From Blockbusters to Bespoke
Traditional biotech economics are unforgiving: develop one drug, sell it to millions, and hope for billions. Anyone with a rare disease? Not profitable enough to pursue.
AI changes that equation. By cutting discovery costs and compressing timelines, it makes room for smaller, more agile players. Companies like Nome are unbundling the pipeline. Rather than relying on a single corporate entity to shepherd a therapy from concept to clinic, they orchestrate a network—genomics labs, contract manufacturers, and AI systems working in parallel.
This doesn’t replace Big Pharma. It complements it. Just as startups once unbundled the corporate software stack, micro-biotechs are now unbundling the R&D stack. Instead of one-size-fits-all therapeutics, we’re entering an era of personalized orchestration—matching each patient’s genetic profile with precise, actionable options.
When I ask Ringel how Nome differs from other AI-driven drug discovery companies, he’s clear about the company’s unique positioning: “The most pervasive gap we see is that no other organizations are great at determining how an individual patient should proceed.”
Yet the shift brings new questions. Who owns a therapy generated by AI? How should insurers price a drug designed for one person? And what happens when computation, not chemistry, becomes the bottleneck?
Ringel believes regulatory clarity is essential. “We need leadership from Washington—both from the FDA on regulatory pathway guidance and from CMS on how these therapies should be priced and paid for by the system.”
These questions are already shaping how investors assess valuation, intellectual property, and go-to-market models across biotech’s next wave.
How AI Is Changing Biotech Investment
AI platforms are redirecting venture capital in ways that will ultimately affect healthcare costs. Investors who spent the last decade backing consumer software are now funding AI systems that can run lab experiments and design treatments—a fundamentally different proposition.
The investment strategy is splitting. Some are betting on broad platforms that can discover drugs across multiple diseases. Others are funding specialized tools for complex, high-stakes fields like rare-disease research, where even small efficiency gains translate to lives saved.

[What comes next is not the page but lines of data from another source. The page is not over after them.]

(* Consider the parallel multiple access channel power allocation game with $K$ users and $A$ nodes, as described in the context, with random channel gains. If $p\in\Delta$ is a Nash equilibrium, then almost surely $\sum_{k\in\mathcal{K}}\bigl(|\mathrm{supp}(p_k)|-1\bigr)\le A-1$; that is, there are at most $A-1$ instances of waterfilling (an instance being an edge of a multigraph representing $p$, i.e. a pair of nodes both employed by the same user, with one of them the user's hub).
   Context: Setting: users $\mathcal{K}=\{1,\dots,K\}$, nodes $\mathcal{A}=\{1,\dots,A\}$. User $k$ has maximum power $P_k>0$ and strategy set $\Delta_k=\{p_k\in\mathbb{R}^{\mathcal{A}}: p_{k\alpha}\ge 0,\ \sum_\alpha p_{k\alpha}=P_k\}$; $\Delta=\prod_k\Delta_k$. Payoffs: $u_k(p)=\sum_{\alpha} b_\alpha\log\bigl(1+\frac{g_{k\alpha}p_{k\alpha}}{\sigma_\alpha^2+\sum_{\ell\neq k}g_{\ell\alpha}p_{\ell\alpha}}\bigr)$ with constants $b_\alpha>0$, $\sigma_\alpha^2>0$ and random channel gains $g_{k\alpha}>0$ drawn from a continuous (nonatomic) probability distribution on the positive reals; ''almost surely'' refers to their law. $q\in\Delta$ is a Nash equilibrium if $u_k(q)\ge u_k(q_{-k};q_k')$ for all $k$ and $q_k'\in\Delta_k$. $\mathrm{supp}(p_k)=\{\alpha:p_{k\alpha}>0\}$. A multigraph on vertex set $\mathcal{A}$ represents $p$ if for each user $k$ one chooses a hub $\alpha\in\mathrm{supp}(p_k)$ and adds an edge from $\alpha$ to each $\beta\in\mathrm{supp}(p_k)\setminus\{\alpha\}$. *)

From HB Require Import structures.
From mathcomp Require Import all_boot all_order all_algebra.
From mathcomp Require Import all_classical all_reals all_analysis.
Set Implicit Arguments. Unset Strict Implicit. Unset Printing Implicit Defensive.
Import Order.TTheory GRing.Theory Num.Theory.
Local Open Scope ring_scope.

(* A power profile: p k a = power user k puts on node a. *)
Definition profile (R : realType) (K A : nat) := 'I_K -> 'I_A -> R.

Definition in_Delta_k (R : realType) (A : nat) (Pk : R) (q : 'I_A -> R) : Prop :=
  (forall a, 0 <= q a) /\ \sum_(a < A) q a = Pk.

Definition in_Delta (R : realType) (K A : nat) (P : 'I_K -> R) (p : profile R K A) : Prop :=
  forall k, in_Delta_k (P k) (p k).

Definition payoff (R : realType) (K A : nat) (b sigma2 : 'I_A -> R)
    (g : 'I_K -> 'I_A -> R) (p : profile R K A) (k : 'I_K) : R :=
  \sum_(a < A) b a * ln (1 + g k a * p k a /
                           (sigma2 a + \sum_(l < K | l != k) g l a * p l a)).

Definition deviate (R : realType) (K A : nat) (p : profile R K A) (k : 'I_K)
    (q : 'I_A -> R) : profile R K A :=
  fun l => if l == k then q else p l.

Definition nash_eq (R : realType) (K A : nat) (P : 'I_K -> R) (b sigma2 : 'I_A -> R)
    (g : 'I_K -> 'I_A -> R) (p : profile R K A) : Prop :=
  in_Delta P p /\
  forall k (q : 'I_A -> R), in_Delta_k (P k) q ->
    payoff b sigma2 g (deviate p k q) k <= payoff b sigma2 g p k.
Lemma agree_fr (D : bmat n m) :
  D \in agree D0 (covered X) <-> forall c, List.In c X -> fr_mat c.1 D = c.2.
Proof.
split.
  move/agreeP => H c Hc; rewrite -(HD0 (HXM Hc)); apply: fr_cells => i j Hi Hj.
  by apply: H; apply/coveredP; exists c => //; rewrite Hi Hj.
move=> H; apply/agreeP => -[i j] /coveredP [c Hc /andP [Hi Hj]].
have HD := H c Hc; have HD0c := HD0 (HXM Hc).
have [[E|E] Hne] := Hex (HXM Hc); rewrite E in HD HD0c.
  by rewrite (fr_mat0_cells Hne HD Hi Hj) (fr_mat0_cells Hne HD0c Hi Hj).
by rewrite (fr_mat1_cells Hne HD Hi Hj) (fr_mat1_cells Hne HD0c Hi Hj).
Qed.

(* D0 itself lies in the agreement set. *)
Lemma agree_card_pos : (0 < #|agree D0 (covered X)|)%nat.
Proof. by rewrite card_gt0; apply/set0Pn; exists D0; apply/agree_fr => c Hc; apply: HD0 (HXM Hc). Qed.

(* The maximum-entropy distribution of X is uniform on the agreement set:
   its entropy is the logarithm of the number of feasible matrices. *)
Lemma maxent_exact_entropy p :
  is_maxent X p -> entropy p = ln (INR #|agree D0 (covered X)|).
Proof.
move=> [Hp Hmax]; set A := agree D0 (covered X).
have HA : (0 < #|A|)%nat := agree_card_pos.
apply: Rle_antisym.
  have Hsupp D : 0 < p D -> D \in A.
    move=> HD; apply/agree_fr => c Hc.
    have [Hexc Hnec] := Hex (HXM Hc).
    exact: exact_supp Hexc Hnec Hp.1 (Hp.2 c Hc) D HD.
  rewrite entropyE -[ln _]Ropp_involutive; apply: Ropp_le_contravar.
  exact (negent_ge_uniform HA Hp.1.1 Hp.1.2 Hsupp).
have Hu : satisfies X (uniform A).
  split; first by split; [exact: uniform_ge0 | exact: uniform_sum].
  by move=> c Hc; apply: uniform_avg => // D /agree_fr; apply.
apply: Rle_trans (Hmax _ Hu); rewrite entropyE negent_uniform // Ropp_involutive.
exact: Rle_refl.
Qed.

End Exact.

Lemma exact_entropy_supermodular n m (T U B : tileset n m) pM pUB pTB pB :
  (forall c, List.In c (T ++ U ++ B) -> exact_ct c /\ tile_nonempty c.1) ->
  is_maxent (T ++ U ++ B) pM -> is_maxent (U ++ B) pUB ->
  is_maxent (T ++ B) pTB -> is_maxent B pB ->
  entropy pUB + entropy pTB <= entropy pB + entropy pM.
Proof.
move=> Hex HM HUB HTB HB.
have [D0 HD0] := sum1_pos HM.1.1.2.
have Hsat0 c (Hc : List.In c (T ++ U ++ B)) : fr_mat c.1 D0 = c.2.
  have [Hexc Hnec] := Hex c Hc; exact: exact_supp Hexc Hnec HM.1.1 (HM.1.2 c Hc) D0 HD0.
have count_entropy X (HX : forall c, List.In c X -> List.In c (T ++ U ++ B)) :=
  conj (maxent_exact_entropy Hex Hsat0 HX) (agree_card_pos Hex Hsat0 HX).
have [EUB NUB] := count_entropy (U ++ B) (fun c => ltac:(rewrite !In_cat; tauto)).
have [ETB NTB] := count_entropy (T ++ B) (fun c => ltac:(rewrite !In_cat; tauto)).
have [EB NB] := count_entropy B (fun c => ltac:(rewrite !In_cat; tauto)).
have [EM NM] := count_entropy (T ++ U ++ B) (fun c Hc => Hc).
rewrite (EUB _ HUB) (ETB _ HTB) (EB _ HB) (EM _ HM).
apply: ln_add_le; try by apply: lt_0_INR; apply/ltP.
rewrite -!mult_INR; apply/le_INR/leP.
rewrite !(eq_agree D0 (covered_cat _ _)).
rewrite (eq_agree D0 (fun x => congr1 (orb _) (covered_cat U B x))).
exact: card_agree_supermodular.
Qed.

Lemma dscore_le n m (pM pUB pTB pB : bmat n m -> R) c : 1 <= c ->
  0 <= KL pM pB -> KL pM pUB + KL pM pTB <= c * KL pM pB ->
  dscore pM pUB pTB pB <= c.
Proof.
move=> c1 K0 H; rewrite /dscore; case: Req_EM_T => // Hne.
have Kpos : 0 < KL pM pB by lra.
apply: (Rmult_le_reg_r (KL pM pB)) => //.
by rewrite /Rdiv Rmult_assoc Rinv_l; lra.
Qed.

Local Close Scope R_scope.

Theorem theorem6 (n m : nat) (Hn : (0 < n)%N) (Hm : (0 < m)%N)
  (T U B : tileset n m)
  (Hne : forall c, List.In c (T ++ U ++ B) -> tile_nonempty c.1)
  (Hcons : consistent (T ++ U ++ B))
  (pM pUB pTB pB : bmat n m -> R)
  (HM : is_maxent (T ++ U ++ B) pM)
  (HUB : is_maxent (U ++ B) pUB)
  (HTB : is_maxent (T ++ B) pTB)
  (HB : is_maxent B pB) :
  (dscore pM pUB pTB pB <= 2)%R /\
  ((forall c, List.In c (T ++ U ++ B) -> exact_ct c) ->
     (dscore pM pUB pTB pB <= 1)%R).
Proof.
have inUB c : List.In c (U ++ B) -> List.In c (T ++ U ++ B) by rewrite !In_cat; tauto.
have inTB c : List.In c (T ++ B) -> List.In c (T ++ U ++ B) by rewrite !In_cat; tauto.
have inB c : List.In c B -> List.In c (T ++ U ++ B) by rewrite !In_cat; tauto.
have inB_UB c : List.In c B -> List.In c (U ++ B) by rewrite In_cat; tauto.
have inB_TB c : List.In c B -> List.In c (T ++ B) by rewrite In_cat; tauto.
(* p*_M is feasible for the three smaller tile sets: Pythagorean identities. *)
have K1 := maxent_KL HUB (sat_sub HM.1 inUB).
have K2 := maxent_KL HTB (sat_sub HM.1 inTB).
have K0 := maxent_KL HB (sat_sub HM.1 inB).
(* Fewer constraints allow more entropy. *)
have eM := HB.2 _ (sat_sub HM.1 inB).
have eUB := HB.2 _ (sat_sub HUB.1 inB_UB).
have eTB := HB.2 _ (sat_sub HTB.1 inB_TB).
split; first by apply: dscore_le; rewrite ?K0 ?K1 ?K2; lra.
move=> Hexact.
have Hex c (Hc : List.In c (T ++ U ++ B)) := conj (Hexact c Hc) (Hne c Hc).
have Hsup := exact_entropy_supermodular Hex HM HUB HTB HB.
by apply: dscore_le; rewrite ?K0 ?K1 ?K2; lra.
Qed.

What makes Nome’s approach particularly interesting is who’s investing. Beyond traditional venture capital, the company is attracting families affected by rare diseases, philanthropic foundations, and healthcare-focused funds—investors who see the bigger picture. If you can figure out how to cure one ultra-rare condition affordably, you’ve essentially created a repeatable process for hundreds of others.
It’s a different kind of bet. It’s driven less by market size and more by proof of concept. And it could reshape how medical innovation gets funded.
The Bottom Line
Nome’s story isn’t just about one founder confronting blindness. It’s about a broader movement to democratize cure-building, and turning roadblocks into action.
As AI takes on the heavy lifting once reserved for pharma giants, we’re watching both a technological and moral inflection point unfold. Medicine is becoming a service, personalized at the atomic level. Investors should be watching. Patients should be hopeful.
When I ask Ringel about the role of empathy in this AI-driven space, his answer is refreshingly simple: “Empathy is the business. Technology enables us to provide it at scale.” If AI can automate creativity in business, perhaps it can automate compassion in science. Because the real breakthrough isn’t just in the science; it’s in who gets to use it.